[Items listed in a dataset]
☆ ☆ ☆ ☆
(* Let $a$ be an integer, let $n$ be a positive odd integer, and let $q\neq 1$ be a positive real number. Define the $n\times n$ matrices $$A=\left[q^{\lfloor\frac{aj-(a+1)k}{n}\rfloor}\right]_{1\leqslant j,k\leqslant n},\qquad A'=\left[q^{\lceil\frac{(a+1)j-ak}{n}\rceil}\right]_{1\leqslant j,k\leqslant n}.$$ If $\gcd(a(a+1),n)>1$, then $$\operatorname{rank}(A)\leqslant\frac n3\quad\text{and}\quad \operatorname{rank}(A')\leqslant\frac n3.$$
   Context: $\lfloor x\rfloor$ is the largest integer not exceeding $x$ and $\lceil x\rceil$ is the least integer not smaller than $x$. *)

From HB Require Import structures.
From mathcomp Require Import all_boot all_order all_algebra.
Set Implicit Arguments. Unset Strict Implicit. Unset Printing Implicit Defensive.
Import Order.TTheory GRing.Theory Num.Theory.
Local Open Scope ring_scope.

(* floor of the rational number x / n for n > 0 : intdiv's Euclidean quotient,
   which for a positive divisor is exactly the floor. *)
Definition floor_div (x : int) (n : nat) : int := (x %/ n%:Z)%Z.
Definition ceil_div (x : int) (n : nat) : int := - ((- x) %/ n%:Z)%Z.

(* A = [ q ^ floor((a j - (a+1) k)/n) ]_{1<=j,k<=n}, indices shifted: j = i+1. *)
Definition matA (R : unitRingType) (q : R) (a : int) (n : nat) : 'M[R]_n :=
  \matrix_(j < n, k < n)
    q ^ (floor_div (a * (j.+1)%:Z - (a + 1) * (k.+1)%:Z) n).

Definition matA' (R : unitRingType) (q : R) (a : int) (n : nat) : 'M[R]_n :=
  \matrix_(j < n, k < n)
    q ^ (ceil_div ((a + 1) * (j.+1)%:Z - a * (k.+1)%:Z) n).

From HB Require Import structures.
From mathcomp Require Import all_boot all_order all_algebra.
From mathcomp Require Import all_reals.
From mathcomp Require Import zify ring.
Set Implicit Arguments. Unset Strict Implicit. Unset Printing Implicit Defensive.
Import Order.TTheory GRing.Theory Num.Theory.
Local Open Scope ring_scope.

(* Both matrices have entries q ^ h(c j + d k) with h the floor or the ceiling
   of division by n, and h(x + m n) = m + h(x).  If a prime p divides n and c,
   then moving j by t = n / p changes c j by (c / p) n, so row j + t is
   q ^ (c / p) times row j and the rank is at most t; symmetrically for
   columns when p divides d.  Since p | a (a + 1) divides one of the two
   coefficients, and p >= 3 because n is odd, the rank is at most n / 3. *)

Lemma mxrank_le_row_period (F : fieldType) (m n t : nat) (M : 'M[F]_(m, n)) :
  (0 < t)%N ->
  (forall i i0 : 'I_m, i = (i0 + t)%N :> nat -> exists c, row i M = c *: row i0 M) ->
  (\rank M <= t)%N.
Proof.
move=> t_gt0 periodic; have [mt | tm] := leqP m t.
  exact: leq_trans (rank_leq_row M) mt.
pose first_rows := rowsub (fun i : 'I_t => widen_ord (ltnW tm) i) M.
apply: leq_trans (rank_leq_row first_rows); apply: mxrankS; apply/row_subP.
suff rowS k (i : 'I_m) : (i < k)%N -> (row i M <= first_rows)%MS.
  by move=> i; exact: (rowS m i).
elim: k i => [|k IHk] i // ltik.
have [it | ti] := ltnP i t.
  have -> : i = widen_ord (ltnW tm) (Ordinal it) by apply: val_inj.
  by rewrite -row_rowsub row_sub.
have i0m : (i - t < m)%N by have := ltn_ord i; lia.
have [c ->] := periodic i (Ordinal i0m) (esym (subnK ti)).
by apply/scalemx_sub/IHk => /=; lia.
Qed.

Lemma floor_div_shift (x m : int) (n : nat) :
  (0 < n)%N -> floor_div (x + m * n%:Z) n = m + floor_div x n.
Proof. by move=> n_gt0; rewrite /floor_div addrC divzMDl // eqz_nat -lt0n. Qed.

Lemma ceil_div_shift (x m : int) (n : nat) :
  (0 < n)%N -> ceil_div (x + m * n%:Z) n = m + ceil_div x n.
Proof.
move=> n_gt0; rewrite /ceil_div.
have -> : - (x + m * n%:Z) = - m * n%:Z + - x by ring.
by rewrite divzMDl ?eqz_nat -?lt0n // opprD opprK.
Qed.

Section ExpMatrix.

Variables (F : fieldType) (q : F) (n : nat) (h : int -> int).
Hypothesis q_neq0 : q != 0.
Hypothesis h_shift : forall x m : int, h (x + m * n%:Z) = m + h x.

Definition expmx (c d : int) : 'M[F]_n :=
  \matrix_(j < n, k < n) q ^ h (c * j.+1%:Z + d * k.+1%:Z).

Lemma tr_expmx (c d : int) : (expmx c d)^T = expmx d c.
Proof. by apply/matrixP => j k; rewrite !mxE addrC. Qed.

Variables (p t : nat).
Hypothesis n_eq : n = (t * p)%N.

Lemma row_expmx_period (c d : int) (i i0 : 'I_n) :
  (p%:Z %| c)%Z -> i = (i0 + t)%N :> nat ->
  row i (expmx c d) = q ^ (c %/ p%:Z)%Z *: row i0 (expmx c d).
Proof.
move=> /divzK; move: (c %/ p%:Z)%Z => b <- i_eq.
apply/rowP => k; rewrite !mxE i_eq -expfzDr //.
rewrite -h_shift; congr (_ ^ h _).
have n_eqZ : n%:Z = t%:Z * p%:Z by rewrite n_eq PoszM.
by rewrite n_eqZ -addSn PoszD; ring.
Qed.

Lemma rank_expmx_le (c d : int) :
  (0 < t)%N -> (p%:Z %| c)%Z || (p%:Z %| d)%Z -> (\rank (expmx c d) <= t)%N.
Proof.
move=> t_gt0 /orP[p_c | p_d].
  apply: mxrank_le_row_period => // i i0 i_eq.
  by eexists; exact: row_expmx_period.
rewrite -mxrank_tr tr_expmx.
apply: mxrank_le_row_period => // i i0 i_eq.
by eexists; exact: row_expmx_period.
Qed.

End ExpMatrix.

Lemma matA_expmx (F : fieldType) (q : F) (a : int) (n : nat) :
  matA q a n = expmx q n (floor_div ^~ n) a (- (a + 1)).
Proof. by apply/matrixP => j k; rewrite !mxE mulNr. Qed.

Lemma matA'_expmx (F : fieldType) (q : F) (a : int) (n : nat) :
  matA' q a n = expmx q n (ceil_div ^~ n) (a + 1) (- a).
Proof. by apply/matrixP => j k; rewrite !mxE mulNr. Qed.

Lemma Euclidz_dvdM (p : nat) (m n : int) :
  prime p -> (p%:Z %| m * n)%Z = (p%:Z %| m)%Z || (p%:Z %| n)%Z.
Proof. by move=> p_prime; rewrite !dvdzE abszM Euclid_dvdM. Qed.

Lemma odd_prime_divisor_gcdz (b : int) (n : nat) :
  odd n -> 1 < gcdz b n%:Z ->
  exists2 p : nat, [/\ prime p, (p %| n)%N & (3 <= p)%N] & (p%:Z %| b)%Z.
Proof.
rewrite /gcdz ltz_nat => odd_n gt1; set g := gcdn _ _ in gt1.
have p_g : (pdiv g %| g)%N := pdiv_dvd g.
have p_n : (pdiv g %| n)%N := dvdn_trans p_g (dvdn_gcdr _ _).
exists (pdiv g); last by rewrite dvdzE; apply: dvdn_trans p_g (dvdn_gcdl _ _).
have p_prime := pdiv_prime gt1; split=> //.
have p_neq2 : pdiv g != 2%N by apply: contraTneq p_n => ->; rewrite dvdn2 odd_n.
by have := prime_gt1 p_prime; lia.
Qed.

Theorem lemma3p1 (R : realType) (a : int) (n : nat) (q : R) :
  (0 < n)%N -> odd n -> 0 < q -> q != 1 ->
  1 < gcdz (a * (a + 1)) n%:Z ->
  (3 * \rank (matA q a n) <= n)%N /\ (3 * \rank (matA' q a n) <= n)%N.
Proof.
move=> n_gt0 odd_n q_gt0 _ /(odd_prime_divisor_gcdz odd_n)[p [p_prime p_n p_ge3]].
rewrite Euclidz_dvdM // => p_aa1.
have q_neq0 : q != 0 by rewrite gt_eqF.
have n_eq : n = (n %/ p * p)%N by rewrite divnK.
have t_gt0 : (0 < n %/ p)%N by rewrite divn_gt0 ?prime_gt0 // dvdn_leq.
have three_t : (3 * (n %/ p) <= n)%N by rewrite [X in (_ <= X)%N]n_eq mulnC leq_mul2l p_ge3 orbT.
split; apply: leq_trans three_t; rewrite leq_mul2l /=.
- rewrite matA_expmx; apply: (rank_expmx_le q_neq0 _ n_eq) => //.
    by move=> x m; exact: floor_div_shift.
  by rewrite rpredN.
- rewrite matA'_expmx; apply: (rank_expmx_le q_neq0 _ n_eq) => //.
    by move=> x m; exact: ceil_div_shift.
  by rewrite rpredN orbC.
Qed.
(* Monotonicity of the norming map; the equality case [cross v u = 0] needs
   the uniqueness of norming functionals. *)
Lemma norming_cross_ge0 u v f g : u <> (0,0) -> v <> (0,0) ->
  norming u f -> norming v g -> 0 <= cross v u -> 0 <= cross g f.
Proof.
  intros Hu Hv Hf Hg Huv. pose proof (cross_mul_cross g f v u) as Hbc.
  rewrite (proj2 Hf), (proj2 Hg) in Hbc.
  pose proof (norm_gt0 u Hu). pose proof (norm_gt0 v Hv).
  pose proof (norming_bounds v g u Hg). pose proof (norming_bounds u f v Hf).
  destruct Huv as [Hlt|Heq]; [nra|]. rewrite <- Heq, Rmult_0_r in Hbc.
  destruct (mul_eq_bounds_cases (N u) (N v) (dot g u) (dot f v)) as [[_ E]|[_ E]];
    auto; try lra.
  - rewrite (norming_unique v f g Hv (conj (proj1 Hf) E) Hg). unfold cross; lra.
  - assert (Hf' : norming v (vscale (-1) f)).
    { split; [intros y; rewrite dot_vscalel; pose proof (norming_bounds u f y Hf); lra|].
      rewrite dot_vscalel, E. ring. }
    rewrite <- (norming_unique v _ g Hv Hf' Hg). unfold cross, vscale; simpl; lra.
Qed.

Lemma norming_cross0_cases u v f g : u <> (0,0) -> v <> (0,0) ->
  norming u f -> norming v g -> cross g f = 0 ->
  (norming u g /\ dot f v = N v) \/ (norming (vscale (-1) u) g /\ dot f v = - N v).
Proof.
  intros Hu Hv Hf Hg Hgf. pose proof (cross_mul_cross g f v u) as Hbc.
  rewrite (proj2 Hf), (proj2 Hg), Hgf, Rmult_0_l in Hbc.
  pose proof (norming_bounds v g u Hg). pose proof (norming_bounds u f v Hf).
  destruct (mul_eq_bounds_cases (N u) (N v) (dot g u) (dot f v)) as [[E1 E2]|[E1 E2]];
    auto using norm_gt0; try lra.
  - left. split; auto. split; auto. apply Hg.
  - right. split; auto. split; [apply Hg|]. rewrite dot_vscale, norm_opp, E1. ring.
Qed.

(* The [norming_fun (p - a)] sum to [0] and, by monotonicity, all lie weakly on
   one side of [g]; so each is [g] or [- g], and [g] norms [p - a] or [a - p]. *)
Lemma FT_halfplane_norming_cases A p v g : ~ In p A -> FT N A p ->
  v <> (0,0) -> norming v g -> (forall a, In a A -> 0 <= cross v (vsub p a)) ->
  forall a, In a A ->
    (norming (vsub p a) g /\ dot (norming_fun (vsub p a)) v = N v) \/
    (norming (vsub a p) g /\ dot (norming_fun (vsub p a)) v = - N v).
Proof.
  intros Hp Hft Hv Hg Hside.
  assert (Hu : forall a, In a A -> vsub p a <> (0,0))
    by (intros a Ha; apply vsub_neq0; intros ->; auto).
  assert (Hge : forall a, In a A -> 0 <= cross g (norming_fun (vsub p a)))
    by (intros a Ha; apply (norming_cross_ge0 (vsub p a) v); auto using norming_funP).
  assert (Hcross0 : forall a, In a A -> cross g (norming_fun (vsub p a)) = 0).
  { apply lsum_eq0_ge0; auto.
    rewrite (lsum_ext _ (fun a => dot (norming_fun (vsub p a)) (- snd g, fst g)))
      by (intros a _; unfold cross, dot; simpl; ring).
    apply (FT_norming_sum_eq0 A p Hp Hft). }
  intros a Ha.
  destruct (norming_cross0_cases (vsub p a) v (norming_fun (vsub p a)) g)
    as [[Hn E]|[Hn E]]; auto using norming_funP.
  right. split; auto. replace (vsub a p) with (vscale (-1) (vsub p a)) by pt_ring. exact Hn.
Qed.

Lemma FT_halfplane_double_cluster A p psi :
  NoDup A -> A <> nil -> ~ In p A -> FT N A p -> psi <> (0,0) ->
  (forall a, In a A -> dot psi (vsub a p) <= 0) ->
  is_double_cluster N (fun z => In z A).
Proof.
  intros HA Hne Hp Hft Hpsi Hsep.
  set (v := (snd psi, - fst psi)).
  assert (Hv : v <> (0,0)).
  { intros E. apply Hpsi. injection E; intros. apply pt_ext; simpl; lra. }
  set (g := norming_fun v). pose proof (norming_funP v Hv) as Hg. fold g in Hg.
  pose proof (norm_gt0 v Hv).
  assert (Hcase := FT_halfplane_norming_cases A p v g Hp Hft Hv Hg).
  specialize (Hcase ltac:(intros a Ha; specialize (Hsep a Ha);
    unfold cross, dot, vsub, v in *; simpl in *; lra)).
  set (sel := fun a => if Rlt_dec 0 (dot (norming_fun (vsub p a)) v) then true else false).
  assert (Hsel : forall a, In a A -> (norming (vsub p a) g /\ sel a = true) \/
    (norming (vsub a p) g /\ sel a = false)).
  { intros a Ha. unfold sel.
    destruct (Hcase a Ha) as [[Hn ->]|[Hn ->]]; [left|right];
      (split; [exact Hn|]); destruct Rlt_dec; auto; lra. }
  apply (double_cluster_of_norming_split A p v g sel HA Hne Hv Hg).
  - intros a Ha Hs. destruct (Hsel a Ha) as [[? _]|[_ E]]; [auto|congruence].
  - intros a Ha Hs. destruct (Hsel a Ha) as [[_ E]|[? _]]; [congruence|auto].
  - assert (Hc : lsum (fun a => dot (norming_fun (vsub p a)) v) A = N v *
      (INR (length (filter sel A)) - INR (length (filter (fun a => negb (sel a)) A)))).
    { apply lsum_pm_count. intros a Ha. unfold sel.
      destruct (Hcase a Ha) as [[_ ->]|[_ ->]]; destruct Rlt_dec; auto; lra. }
    rewrite (FT_norming_sum_eq0 A p Hp Hft v) in Hc.
    apply INR_eq, Rmult_eq_reg_l with (N v); lra.
Qed.

End Smooth.

End Norm.

Theorem corollary4p9 (N : pt -> R) (HN : is_norm N) (Hsm : smooth N)
  (A : list pt) (HA : NoDup A) (Hne : A <> nil)
  (Hdc : ~ is_double_cluster N (fun z => In z A))
  (Hpdc : ~ is_pseudo_double_cluster N (fun z => In z A)) :
  forall p, FT N A p -> In p A \/ norm_interior N (conv A) p.
Proof.
  intros p Hft. destruct (classic (In p A)) as [Hp|Hp]; [left; auto|right].
  apply (conv_interior_of_no_separation N HN). intros psi Hpsi.
  apply NNPP. intros Hno. apply Hdc.
  apply (FT_halfplane_double_cluster N HN Hsm A p psi HA Hne Hp Hft Hpsi).
  intros a Ha. apply Rnot_lt_le. intros Hlt. eauto.
Qed.
(* There is no function $f:\Gamma^{\pm}(2)\to\mathbb C^\times$ such that $\overline C(h_1,h_2)=f(h_1)f(h_2)f(h_1h_2)^{-1}$ for all $h_1,h_2\in\Gamma^\pm(2)$; i.e. the restriction of the class of $\overline C$ to $\Gamma^\pm(2)$ is non-trivial.
   Context: $\Gamma^\pm(2)=\{g\in GL_2(\mathbb Z):g\equiv I\pmod 2\}$. Hilbert symbol $(x,y)_{\mathbb R}=-1$ if $x<0,y<0$, else $1$. For $g=\begin{pmatrix}a&b\\c&d\end{pmatrix}\in SL_2(\mathbb R)$: $x(g)=d$ if $c=0$, $x(g)=c$ otherwise; $\bar c(g_1,g_2)=(x(g_1),x(g_2))_{\mathbb R}(-x(g_1)x(g_2),x(g_1g_2))_{\mathbb R}$; $\nu_2(y,g)=(y,a)_{\mathbb R}$ if $c=0$ and $\nu_2(y,g)=1$ if $c\ne0$. Let $s(y)=\operatorname{diag}(1,y)$. For $h_1,h_2\in GL_2(\mathbb R)$ put $y_i=\det h_i$, $g_i=s(y_i)^{-1}h_i\in SL_2(\mathbb R)$, and $\overline C(h_1,h_2)=\nu_2(y_2,g_1)\,\bar c(s(y_2)^{-1}g_1s(y_2),g_2)$; this is the $\{\pm1\}$-valued 2-cocycle defining the two-fold cover $\overline{GL}_2(\mathbb R)$. *)

From Stdlib Require Import Reals ZArith.
From Coquelicot Require Import Coquelicot.
Open Scope R_scope.

(* 2x2 real matrices [[a, b], [c, d]] *)
Record M2 := mkM2 { ma : R; mb : R; mc : R; md : R }.

Definition mmul (g h : M2) : M2 :=
  mkM2 (ma g * ma h + mb g * mc h) (ma g * mb h + mb g * md h)
       (mc g * ma h + md g * mc h) (mc g * mb h + md g * md h).

Definition mdet (g : M2) : R := ma g * md g - mb g * mc g.

Definition hilbR (x y : R) : R :=
  if Rlt_dec x 0 then (if Rlt_dec y 0 then -1 else 1) else 1.

Definition xfun (g : M2) : R := if Req_EM_T (mc g) 0 then md g else mc g.

Definition cbar (g1 g2 : M2) : R :=
  hilbR (xfun g1) (xfun g2) * hilbR (- (xfun g1 * xfun g2)) (xfun (mmul g1 g2)).

Definition nu2 (y : R) (g : M2) : R :=
  if Req_EM_T (mc g) 0 then hilbR y (ma g) else 1.

Definition sdiag (y : R) : M2 := mkM2 1 0 0 y.
Definition sdiag_inv (y : R) : M2 := mkM2 1 0 0 (/ y).

Definition gpart (h : M2) : M2 := mmul (sdiag_inv (mdet h)) h.

Definition Cbar (h1 h2 : M2) : R :=
  let y2 := mdet h2 in
  nu2 y2 (gpart h1) * cbar (mmul (mmul (sdiag_inv y2) (gpart h1)) (sdiag y2)) (gpart h2).

Definition in_Gamma_pm2 (h : M2) : Prop :=
  exists a b c d : Z,
    ma h = IZR a /\ mb h = IZR b /\ mc h = IZR c /\ md h = IZR d /\
    (a mod 2 = 1)%Z /\ (b mod 2 = 0)%Z /\ (c mod 2 = 0)%Z /\ (d mod 2 = 1)%Z /\
    ((a * d - b * c = 1)%Z \/ (a * d - b * c = -1)%Z).

(* The diagonal matrices -I and diag(-1, 1) of Gamma^pm(2) commute, while the
   cocycle takes different values on them in the two orders: on diagonal
   matrices it reduces to a product of two Hilbert symbols, giving
   C(-I, diag(-1,1)) = 1 but C(diag(-1,1), -I) = -1.  A coboundary
   f(h1) f(h2) / f(h1 h2) is symmetric on commuting pairs, so no such f exists. *)
From Stdlib Require Import Reals ZArith Lra.
From Coquelicot Require Import Coquelicot.

Lemma coboundary_sym_of_commute {G : Type} (mul : G -> G -> G)
    (c : G -> G -> R) (f : G -> C) (g h : G) :
  mul g h = mul h g ->
  RtoC (c g h) = Cmult (Cmult (f g) (f h)) (Cinv (f (mul g h))) ->
  RtoC (c h g) = Cmult (Cmult (f h) (f g)) (Cinv (f (mul h g))) ->
  c g h = c h g.
Proof.
  intros Hcomm Hgh Hhg.
  apply RtoC_inj.
  rewrite Hgh, Hhg, Hcomm, (Cmult_comm (f g)).
  reflexivity.
Qed.

Lemma Rinv_lt_0_iff (x : R) : / x < 0 <-> x < 0.
Proof.
  split; intros Hx; [rewrite <- (Rinv_inv x) |]; apply Rinv_lt_0_compat; exact Hx.
Qed.

Lemma hilbR_inv (x y : R) : hilbR (/ x) (/ y) = hilbR x y.
Proof.
  pose proof (Rinv_lt_0_iff x); pose proof (Rinv_lt_0_iff y).
  unfold hilbR.
  destruct (Rlt_dec x 0), (Rlt_dec (/ x) 0), (Rlt_dec y 0), (Rlt_dec (/ y) 0);
    tauto || reflexivity.
Qed.

Lemma hilbR_opp_diag (x : R) : hilbR (- x) x = 1.
Proof.
  unfold hilbR.
  destruct (Rlt_dec (- x) 0), (Rlt_dec x 0); lra.
Qed.

Definition mdiag (a d : R) : M2 := mkM2 a 0 0 d.

Lemma mmul_diag (a d a' d' : R) :
  mmul (mdiag a d) (mdiag a' d') = mdiag (a * a') (d * d').
Proof. unfold mmul, mdiag; cbn; f_equal; ring. Qed.

Lemma mmul_diag_comm (a d a' d' : R) :
  mmul (mdiag a d) (mdiag a' d') = mmul (mdiag a' d') (mdiag a d).
Proof. rewrite !mmul_diag, (Rmult_comm a), (Rmult_comm d); reflexivity. Qed.

Lemma mdet_diag (a d : R) : mdet (mdiag a d) = a * d.
Proof. unfold mdet, mdiag; cbn; ring. Qed.

Lemma xfun_diag (a d : R) : xfun (mdiag a d) = d.
Proof.
  unfold xfun, mdiag; cbn.
  destruct (Req_EM_T 0 0); [reflexivity | contradiction].
Qed.

Lemma nu2_diag (y a d : R) : nu2 y (mdiag a d) = hilbR y a.
Proof.
  unfold nu2, mdiag; cbn.
  destruct (Req_EM_T 0 0); [reflexivity | contradiction].
Qed.

Lemma gpart_diag (a d : R) : a <> 0 -> d <> 0 -> gpart (mdiag a d) = mdiag a (/ a).
Proof.
  intros Ha Hd.
  unfold gpart; rewrite mdet_diag.
  unfold mmul, sdiag_inv, mdiag; cbn; f_equal; field; auto.
Qed.

Lemma conj_sdiag_diag (y a d : R) :
  y <> 0 -> mmul (mmul (sdiag_inv y) (mdiag a d)) (sdiag y) = mdiag a d.
Proof.
  intros Hy.
  unfold mmul, sdiag_inv, sdiag, mdiag; cbn; f_equal; field; exact Hy.
Qed.

(* The second Hilbert symbol of cbar has the form (-p, p) and so drops out. *)
Lemma cbar_diag_SL2 (a a' : R) :
  cbar (mdiag a (/ a)) (mdiag a' (/ a')) = hilbR a a'.
Proof.
  unfold cbar; rewrite mmul_diag, !xfun_diag, hilbR_opp_diag, hilbR_inv.
  ring.
Qed.

Lemma Cbar_diag (a d a' d' : R) :
  a <> 0 -> d <> 0 -> a' <> 0 -> d' <> 0 ->
  Cbar (mdiag a d) (mdiag a' d') = hilbR (a' * d') a * hilbR a a'.
Proof.
  intros Ha Hd Ha' Hd'.
  unfold Cbar.
  rewrite mdet_diag, !gpart_diag, nu2_diag, conj_sdiag_diag, cbar_diag_SL2;
    auto using Rmult_integral_contrapositive_currified.
Qed.

Lemma mdiag_sign_in_Gamma_pm2 (a d : Z) :
  (a = 1 \/ a = -1)%Z -> (d = 1 \/ d = -1)%Z -> in_Gamma_pm2 (mdiag (IZR a) (IZR d)).
Proof.
  intros Ha Hd.
  exists a, 0%Z, 0%Z, d.
  destruct Ha as [-> | ->], Hd as [-> | ->];
    repeat split; cbn; auto.
Qed.

Theorem mainTheorem14 :
  ~ (exists f : M2 -> C,
       (forall h, in_Gamma_pm2 h -> f h <> RtoC 0) /\
       (forall h1 h2, in_Gamma_pm2 h1 -> in_Gamma_pm2 h2 ->
          RtoC (Cbar h1 h2) = Cmult (Cmult (f h1) (f h2)) (Cinv (f (mmul h1 h2))))).
Proof.
  intros [f [_ Hcob]].
  assert (HA : in_Gamma_pm2 (mdiag (-1) (-1))) by (apply mdiag_sign_in_Gamma_pm2; auto).
  assert (HB : in_Gamma_pm2 (mdiag (-1) 1)) by (apply mdiag_sign_in_Gamma_pm2; auto).
  assert (Hsym : Cbar (mdiag (-1) (-1)) (mdiag (-1) 1) = Cbar (mdiag (-1) 1) (mdiag (-1) (-1))).
  { apply (coboundary_sym_of_commute mmul Cbar f);
      [apply mmul_diag_comm | apply Hcob; assumption | apply Hcob; assumption]. }
  rewrite !Cbar_diag in Hsym by lra.
  revert Hsym; unfold hilbR.
  repeat destruct Rlt_dec; lra.
Qed.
☆ ☆ ☆ ☆
* _Task details_: What are the lines, exactly as written above, from the line with "(0 < n)%N -> odd n -> 0 < q -> q != 1 ->" to the line with "by rewrite rpredN.", both included? Output only those.

* _Result of this exercise_:
  (0 < n)%N -> odd n -> 0 < q -> q != 1 ->
  1 < gcdz (a * (a + 1)) n%:Z ->
  (3 * \rank (matA q a n) <= n)%N /\ (3 * \rank (matA' q a n) <= n)%N.
Proof.
move=> n_gt0 odd_n q_gt0 _ /(odd_prime_divisor_gcdz odd_n)[p [p_prime p_n p_ge3]].
rewrite Euclidz_dvdM // => p_aa1.
have q_neq0 : q != 0 by rewrite gt_eqF.
have n_eq : n = (n %/ p * p)%N by rewrite divnK.
have t_gt0 : (0 < n %/ p)%N by rewrite divn_gt0 ?prime_gt0 // dvdn_leq.
have three_t : (3 * (n %/ p) <= n)%N by rewrite [X in (_ <= X)%N]n_eq mulnC leq_mul2l p_ge3 orbT.
split; apply: leq_trans three_t; rewrite leq_mul2l /=.
- rewrite matA_expmx; apply: (rank_expmx_le q_neq0 _ n_eq) => //.
    by move=> x m; exact: floor_div_shift.
  by rewrite rpredN.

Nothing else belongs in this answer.